Logstash plugin, see Ingest data from Logstash to Azure Data Explorer.
Kafka connector, see Ingest data from Kafka into Azure Data Explorer.
Ingestion using integration services
- Azure Data Factory (ADF), a fully managed data integration service for analytic workloads in Azure, to copy data to and from Azure Data Explorer using supported data stores and formats. For more information, see Copy data from Azure Data Factory to Azure Data Explorer.
Azure Data Explorer provides SDKs that can be used for query and data ingestion. Programmatic ingestion is optimized for reducing ingestion costs (COGs), by minimizing storage transactions during and following the ingestion process.
Available SDKs and open-source projects:
Kusto offers client SDK that can be used to ingest and query data with:
Programmatic ingestion techniques:
Ingesting data through the Azure Data Explorer data management service (high-throughput and reliable ingestion):
Batch ingestion (provided by SDK): the client uploads the data to Azure Blob storage (designated by the Azure Data Explorer data management service) and posts a notification to an Azure Queue. Batch ingestion is the recommended technique for high-volume, reliable, and cheap data ingestion.
Ingesting data directly into the Azure Data Explorer engine (most appropriate for exploration and prototyping):
Inline ingestion: control command (.ingest inline) containing in-band data is intended for ad hoc testing purposes.
Ingest from query: control command (.set, .set-or-append, .set-or-replace) that points to query results is used for generating reports or small temporary tables.
Ingest from storage: control command (.ingest into) with data stored externally (for example, Azure Blob Storage) allows efficient bulk ingestion of data.
Latency of different methods:
|Ingest from query||Query time + processing time|
|Ingest from storage||Download time + processing time|
|Queued ingestion||Batching time + processing time|
Processing time depends on the data size, less than a few seconds. Batching time defaults to 5 minutes.
Choosing the most appropriate ingestion method
Before you start to ingest data, you should ask yourself the following questions.
- Where does my data reside?
- What is the data format, and can it be changed?

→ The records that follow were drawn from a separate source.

Lemma ray_at_cons (o : pt) (E : seq pt) (u w : pt) : ray_at o E u ->
  [\/ inner_pt (hull (w :: E)) o, exists u' v', wedge_at o (w :: E) u' v'
     | exists u', ray_at o (w :: E) u'].
Proof.
move=> [uE uo rayE].
have lagrange x y : orient o x y * dotc o u u =
    dotc o u x * orient o u y - orient o u x * dotc o u y.
  by rewrite /orient /dotc /det2 /vsub /=; ring.
have uu_gt0 := dotc_gt0 uo.
have uE' : u \in w :: E by rewrite in_cons uE orbT.
have [uw|uw|uw] := ltrgtP (orient o u w) 0.
- apply: Or32; exists w, u; split; rewrite ?mem_head //.
    by have := lagrange w u; rewrite orient_self; nra.
  move=> e; rewrite in_cons => /predU1P[->|/rayE [ue ue_ge0]].
    by rewrite orient_self; have := lagrange w u; rewrite orient_self; nra.
  by have := lagrange w e; have := lagrange e u; rewrite orient_self ue; nra.
- apply: Or32; exists u, w; split; rewrite ?mem_head //.
  move=> e; rewrite in_cons => /predU1P[->|/rayE [ue ue_ge0]].
    by rewrite orient_self (ltW uw).
  by rewrite ue; have := lagrange e w; rewrite ue; nra.
have [uw_ge0|uw_lt0] := lerP 0 (dotc o u w).
  apply: Or33; exists u; split => // e.
  by rewrite in_cons => /predU1P[->|/rayE].
(* [w] lies on the line of the ray, behind [o] *)
have bal : balanced o w u u (dotc o u u) (- dotc o u w) 0.
  split; [transitivity (- (vsub u o).2 * orient o u w)
         | transitivity ((vsub u o).1 * orient o u w)];
    first [by rewrite uw mulr0 | by rewrite /orient /dotc /det2 /vsub /=; ring].
apply: Or31; apply: (inner_pt_hull (mem_head w E) uE' uE' _ uu_gt0 _ (lexx 0) bal).
  by move=> wo; move: uw_lt0; rewrite wo dotc_apex_r ltxx.
by rewrite oppr_ge0 ltW.
Qed.

Lemma hull_tetrachotomy (o : pt) (E : seq pt) :
  [\/ inner_pt (hull E) o, exists u v, wedge_at o E u v,
      exists u, ray_at o E u | forall e, e \in E -> e = o].
Proof.
elim: E => [|w E IH]; first by apply: Or44.
case: IH => [inner | [u [v wedge]] | [u ray] | allo].
- by apply: Or41; apply: inner_pt_hull_cons.
- by case: (wedge_at_cons w wedge) => ?; [apply: Or41 | apply: Or42].
- by case: (ray_at_cons w ray) => ?; [apply: Or41 | apply: Or42 | apply: Or43].
have [wo|wo] := eqVneq w o.
  by apply: Or44 => e; rewrite in_cons => /predU1P[->|/allo].
apply: Or43; exists w; split; rewrite ?mem_head //; first exact/eqP.
move=> e; rewrite in_cons => /predU1P[->|/allo ->]; first by rewrite orient_self dotc_ge0.
by rewrite orient_apex_r dotc_apex_r.
Qed.

Lemma hull_trichotomy (o : pt) (E : seq pt) :
  [\/ inner_pt (hull E) o, exists u v, wedge_at o E u v
     | exists2 m, m <> (0, 0) & hull E `<=` line m o].
Proof.
case: (hull_tetrachotomy o E) => [?|?|[u [_ uo rayE]]|allo]; [exact: Or31 | exact: Or32 | |].
  apply: Or33; exists (vsub u o); first by move/vsub_eq0.
  have Eline e : e \in E -> line (vsub u o) o e by case/rayE.
  exact: hull_min (@convex_line _ _) Eline.
apply: Or33; exists (1, 0); first by case=> /eqP; rewrite oner_eq0.
have Eline e : e \in E -> line (1, 0) o e.
  by move/allo ->; rewrite /line /= /det2 /vsub /= !subrr !mulr0 subrr.
exact: hull_min (@convex_line _ _) Eline.
Qed.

- What are the required fields to be queried?
- What is the expected data volume and velocity?
- How many event types are expected (reflected as the number of tables)?
- How often is the event schema expected to change?
- How many nodes will generate the data?
- What is the source OS?
- What are the latency requirements?
- Can one of the existing managed ingestion pipelines be used?
For organizations with an existing infrastructure that are based on a messaging service like Event Hub and IoT Hub, using a connector is likely the most appropriate solution. Queued ingestion is appropriate for large data volumes.
Supported data formats
For all ingestion methods other than ingest from query, format the data so that Azure Data Explorer can parse it.
- The supported data formats are: TXT, CSV, TSV, TSVE, PSV, SCSV, SOH, JSON (line-separated, multi-line), Avro, and Parquet.
- Supports ZIP and GZIP compression.
When data is being ingested, data types are inferred based on the target table columns. If a record is incomplete or a field cannot be parsed as the required data type, the corresponding table columns will be populated with null values.
Ingestion recommendations and limitations
- The effective retention policy of ingested data is derived from the database's retention policy. See retention policy for details. Ingesting data requires Table ingestor or Database ingestor permissions.
- Ingestion supports a maximum file size of 5 GB. The recommendation is to ingest files between 100 MB and 1 GB.
Schema mapping helps bind source data fields to destination table columns.
- CSV Mapping (optional) works with all ordinal-based formats. It can be performed using the ingest command parameter or pre-created on the table and referenced from the ingest command parameter.
- JSON Mapping (mandatory) and Avro mapping (mandatory) can be performed using the ingest command parameter. They can also be pre-created on the table and referenced from the ingest command parameter.